Showing posts with label black and white. Show all posts
Showing posts with label black and white. Show all posts

03 May 2010

we now interrupt the series in progress for an adorable belly shot

Good morning, my friends! I've been working on the next post in my Becoming Catholic series, but this Little Bean (who is decidedly bigger than a bean right now, but until we know if it's a girl baby or boy baby baking in there, the name is Little Bean) is still running the show. I'm mostly feeling better (more energy, less nausea -- yeah!!), but still have the occasional bouts of sickness which tend to exhaust me and make my stomach feel as though it's been turned inside-out.
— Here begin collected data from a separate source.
(* Let $G=(V,E,\gamma,c)$ be a typed DAG task executed on a platform with $M_s\ge 1$ cores of each type $s\in S$ under a work-conserving scheduling algorithm. Let $\pi=(\tau_1,\dots,\tau_k)$ be a critical path of an arbitrary execution sequence of $G$, with finish times $f(\cdot)$. Set $f(\tau_0):=0$, and for $1\le i\le k$ let $I_i=f(\tau_i)-f(\tau_{i-1})$, let $x_i$ be the total length of the time within $[f(\tau_{i-1}),f(\tau_i))$ during which $\tau_i$ is executing, and let $y_i=I_i-x_i$ be the total length of the time within that interval during which $\tau_i$ is not executing. For $s\in S$ let $\mathcal{X}_s=\sum_{i:\gamma(\tau_i)=s}x_i$ and $\mathcal{Y}_s=\sum_{i:\gamma(\tau_i)=s}y_i$. Then for every $s\in S$: \[ \mathcal{X}_s\le \sum_{j:\,\gamma(\tau_j)=s} c(\tau_j),\qquad \mathcal{Y}_s\le \frac{1}{M_s}\Big(vol_s(G)-\sum_{j:\,\gamma(\tau_j)=s} c(\tau_j)\Big). \]
   Context: A typed DAG task is $G=(V,E,\gamma,c)$ where $(V,E)$ is a finite directed acyclic graph with a unique source vertex $v_{src}$ (no predecessors) and a unique sink vertex $v_{snk}$ (no successors), $S$ is a finite set of core types, $\gamma:V\to S$ gives the type of each vertex, and $c:V\to\mathbb{R}_{\ge 0}$ gives the worst-case execution time (WCET) of each vertex. The platform has, for each $s\in S$, $M_s\ge1$ cores of type $s$. For $u\in V$, $\mathrm{pre}(u)$ denotes its set of (immediate) predecessors. A complete path is a path of $G$ from $v_{src}$ to $v_{snk}$. $vol_s(G)=\sum_{u\in V,\gamma(u)=s}c(u)$. Runtime model: a vertex becomes eligible when all its predecessors have finished (the source is eligible at time $0$); a vertex $v$ may only execute on cores of type $\gamma(v)$, one core at a time, for a total execution time of at most $c(v)$ (possibly less), and it finishes when its execution is complete. Scheduling is work-conserving: an eligible unfinished vertex of type $s$ must be executing whenever some core of type $s$ is available (i.e., if such a vertex is not executing, all $M_s$ cores of type $s$ are busy). An execution sequence is any resulting trace of which vertex executes when; $f(v)$ denotes the finish time of $v$ in it. A critical path of an execution sequence is a complete path $\pi=(\tau_1,\dots,\tau_k)$ such that for every $2\le i\le k$, $f(\tau_{i-1})=\max_{u\in\mathrm{pre}(\tau_i)}f(u)$. *)

From HB Require Import structures.
From mathcomp Require Import all_boot all_order all_algebra.
From mathcomp Require Import reals.
Set Implicit Arguments. Unset Strict Implicit. Unset Printing Implicit Defensive.
Import Order.TTheory GRing.Theory Num.Theory.
Local Open Scope ring_scope.
(* In the setting below, the Jacobian matrix $L=\left(\frac{\partial B_i}{\partial w_j}\right)_{i,j=1}^n$ of $(B_1,\dots,B_n)$ with respect to $(w_1,\dots,w_n)$ is, at every point of $W$, symmetric, strictly diagonally dominant (i.e. $|\partial B_i/\partial w_i|>\sum_{j\ne i}|\partial B_i/\partial w_j|$ for each $i$), and negative definite.
   Context: Setting: $T^*$ is a triangulation of a closed surface $S$ with vertex set $T^0$; $\Sigma=S\setminus N(T^0)$ where $N(T^0)$ is a small open regular disjoint neighborhood of $T^0$; $\Sigma$ has boundary components labeled $1,\dots,n$. $T=T^*\cap\Sigma$ is the ideal triangulation with ideal edges $E$ and ideal faces $F$; $ij$ denotes the ideal edge between boundary components $i,j$ and $ijk$ the ideal face adjacent to boundary components $i,j,k$. For each face $ijk$ and positive lengths $l_{ij},l_{jk},l_{ki}$ there is a right-angled hyperbolic hexagon, unique up to isometry, with pairwise non-adjacent sides of these lengths; $\theta_i^f$ is the length of the side of the hexagon of $f=ijk$ opposite to the side of length $l_{jk}$, i.e. $\cosh\theta_i^f=\frac{\cosh l_{jk}+\cosh l_{ki}\cosh l_{ij}}{\sinh l_{ki}\sinh l_{ij}}$. Fix $l^0\in\mathbb{R}_+^{|E|}$. $W=\{w\in\mathbb{R}^n: w_i+w_j>-\ln\cosh\frac{l^0_{ij}}{2}\ \forall ij\in E\}$; for $w\in W$, $l=w*l^0$ is given by $\cosh\frac{l_{ij}}{2}=e^{w_i+w_j}\cosh\frac{l^0_{ij}}{2}$, and $B_i(w)=\sum_{f\in F_i}\theta_i^f$, where $F_i$ is the set of faces adjacent to boundary component $i$ ($B_i$ is the length of boundary component $i$ of the glued hyperbolic surface). *)

From mathcomp Require Import all_boot.
From Stdlib Require Import Reals.
From Coquelicot Require Import Coquelicot.

Set Implicit Arguments.
Unset Strict Implicit.
Unset Printing Implicit Defensive.

Definition arcosh (y : R) : R := ln (y + sqrt (y * y - 1)).

(* Combinatorial (ideal) triangulation of a closed surface with n vertices
   (= n boundary components of Sigma).  Faces are triangles with corners
   labelled 0,1,2; [corner f k] is the vertex (boundary component) at corner
   k of face f, and [side f k] is the edge of f opposite to corner k.
   Each edge e has endpoints [ends1 e], [ends2 e] (loops allowed). *)
Record triangulation (n : nat) := Triangulation {
  face : finType;
  edge : finType;
  corner : face -> 'I_3 -> 'I_n;
  side : face -> 'I_3 -> edge;
  ends1 : edge -> 'I_n;
  ends2 : edge -> 'I_n;
  side_ends : forall f k,
    (ends1 (side f k), ends2 (side f k)) = (corner f (ordS k), corner f (ordS (ordS k)))
    \/ (ends1 (side f k), ends2 (side f k)) = (corner f (ordS (ordS k)), corner f (ordS k));
  (* closed surface: every edge is a side of exactly two face-sides *)
  edge_two_sides : forall e, #|[set p : face * 'I_3 | side p.1 p.2 == e]| = 2%nat;
  vertex_used : forall i : 'I_n, exists f k, corner f k = i
}.
Lemma omega6_power_ratio : (forall t, 0 <= t -> 0 <= f t) ->
  (forall s t, 0 <= s -> s <= t -> f s <= f t) -> 0 < r -> omega6 f.
Proof.
move=> f_ge0 f_nd r0; case: fr => C C0 fC; have r20 : 0 < r / 2 by rewrite divr_gt0.
have [L L1 CL] := exists_powR_gt (2 * C) r20.
have [X [_ fCX]] := fC _ r20.
have L2 : 2 < C^-1 * L `^ (r / 2) by rewrite mulrC ltr_pdivlMr // mulrC.
have H1 : 1 <= Num.max L (2 * f X) by rewrite le_max (ltW L1).
exists (Num.max L (2 * f X)) => // t t0.
have fHt := f_ge0 _ (mulr_ge0 (le_trans ler01 H1) t0).
have [tX|Xt] := leP t X.
  have : 2 * f X <= Num.max L (2 * f X) by rewrite le_max lexx orbT.
  have := f_nd _ _ t0 tX; lra.
have /andP[+ _] := fCX t Xt L (ltW L1).
rewrite {1}[r](splitr r) addrK => /(lt_le_trans L2) ratio2.
have ft0 : 0 < f t.
  rewrite lt0r f_ge0 // andbT; apply: contraTneq ratio2 => ->.
  by rewrite invr0 mulr0 -leNgt ler0n.
have : f (L * t) <= f (Num.max L (2 * f X) * t).
  by apply: f_nd; rewrite ?mulr_ge0 ?ler_wpM2r // ?le_max ?lexx // ltW // (lt_trans ltr01).
move: ratio2; rewrite ltr_pdivlMr //; lra.
Qed.

End power_ratio_indices.

Theorem corollary4p16 (R : realType) (sigma rho : R -> R) (c r : R) :
  (forall t, 0 <= t -> 0 <= sigma t) ->
  (forall s t, 0 <= s -> s <= t -> sigma s <= sigma t) ->
  sigma t @[t --> +oo] --> +oo ->
  proximate_order c rho r ->
  admits_proximate_order sigma rho ->
  [/\ index_beta sigma = r%:E, index_mu sigma = r%:E,
      index_rho sigma = r%:E, index_alpha sigma = r%:E &
      (0 < r -> omega1 sigma /\ omega6 sigma)].
Proof.
move=> sigma_ge0 sigma_nd _ po ad.
have fr := admits_proximate_order_power_ratio po ad.
have [mu_r rho_r] := index_mu_rho_power_ratio fr (admits_proximate_order_gt0 ad).
split => //; first exact: index_beta_power_ratio fr.
  exact: index_alpha_power_ratio fr.
move=> r0; split; first exact: omega1_power_ratio fr.
exact: omega6_power_ratio fr sigma_ge0 sigma_nd r0.
Qed.
(* Assume $\delta>d$, $\alpha=\gamma/(\delta-d)$, and that $f$ is not a polynomial product. Then for every $\epsilon>0$ there is $R>0$ such that $$\big|G_z^\alpha(w)-G_h(z^{-\alpha}w)\big|<\epsilon\quad\text{for all } (z,w) \text{ with } |z|>R,$$ i.e. $G_z^\alpha(w)=G_h(z^{-\alpha}w)+o(1)$ as $z\to\infty$, uniformly in $w$.
   Context: Let $p(z)=z^\delta+O(z^{\delta-1})$ be a monic polynomial of degree $\delta\ge 2$, and let $q(z,w)=b(z)w^d+(\text{terms of lower degree in } w)$ be a polynomial with $d=\deg_w q\ge 2$, where $b$ is a monic polynomial of degree $\gamma\ge 0$. Let $f(z,w)=(p(z),q(z,w))$; $f$ is a polynomial product if $q$ does not depend on $z$. Write $Q_z^n=q_{p^{n-1}(z)}\circ\cdots\circ q_{p(z)}\circ q_z$ with $q_z=q(z,\cdot)$. For $\delta>d$, $\alpha=\max\{n_j/(\delta-m_j)\}$ over monomials $z^{n_j}w^{m_j}$ appearing in $q$ with nonzero coefficient. $G_z^\alpha(w)=\lim_{n\to\infty}d^{-n}\log^+\big(|Q_z^n(w)|/|p^n(z)|^\alpha\big)$ (defined for $z$ with $p^n(z)\to\infty$). Give the monomial $z^nw^m$ weight $n+\alpha m$; let $h(z,w)$ be the sum of those terms of $q$ of weight exactly $\alpha\delta$ (the maximal weight; it contains $z^\gamma w^d$), and let $h(c)=h(1,c)$, a one-variable polynomial of degree $d$. $G_h(c)=\lim_{n\to\infty}d^{-n}\log^+|h^n(c)|$ is its Green function. The value $G_h(z^{-\alpha}w)$ does not depend on the choice of branch of $z^{-\alpha}$. *)

From Stdlib Require Import Reals Lra ClassicalEpsilon.
Open Scope R_scope.

Definition Cx : Type := (R * R)%type.
Definition Cx0 : Cx := (0, 0).
Definition Cx1 : Cx := (1, 0).
Definition Cadd (a b : Cx) : Cx := (fst a + fst b, snd a + snd b).
Definition Cmul (a b : Cx) : Cx :=
  (fst a * fst b - snd a * snd b, fst a * snd b + snd a * fst b).
Fixpoint Cpow (a : Cx) (n : nat) : Cx :=
  match n with O => Cx1 | S k => Cmul a (Cpow a k) end.
Definition Cnorm (a : Cx) : R := sqrt (fst a * fst a + snd a * snd a).

Fixpoint csum (f : nat -> Cx) (n : nat) : Cx :=
  match n with O => f O | S k => Cadd (csum f k) (f (S k)) end.

Definition poly1_eval (deg : nat) (pc : nat -> Cx) (z : Cx) : Cx :=
  csum (fun k => Cmul (pc k) (Cpow z k)) deg.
I'm 18 weeks tomorrow (May 4) and cannot believe I'm nearly halfway through this pregnancy!! This was taken about a week and a half ago, and I just got around to processing it. This one, I think, is what they call a keeper.

belly kiss @ 16 weeks & 4 days

Love and hugs to you all, and thanks for your continued prayers and well wishes for the three of us (not the four of us, as one of us in this photo may occasionally contend -- I won't say who he is, except that he has facial hair).


xoxo
kirsten

P.S. A few more belly shots here.
P.P.S. Ultrasound is two weeks from Wednesday. Any guesses as to what we're having? Feel free to cast your vote in the poll at the upper right-hand corner of the blog!!

12 November 2009

it was the beginning of a beautiful friendship

One year ago today, Facebook played a pivotal role in changing my life forever.

kiss

Hi James!! How the heck are you?

These were the first words I wrote on the wall of his Facebook page after accepting his friend request on November 12, 2008. I had no idea then what I was in for. We hadn't kept in touch since our days at Biola and for all I knew, the pictures on his profile page were of his own children.

I remember a knot in me relaxing when I learned from his reply that the children in those photos were all nieces and nephews.

After several more replies back and forth, then came a phone call (that one, four and a half hours) and a second phone call (that one, five and a half hours) and a third brief one in which I had to tell him exactly how much I was feeling, and how unexpectedly I was feeling it. Nearly a year before that, I had embraced my singleness enthusiastically. Because of this and the vow of celibacy I knew he had made (and which only God could undo), it was painful for me to tell him that my heart was not available to anyone else.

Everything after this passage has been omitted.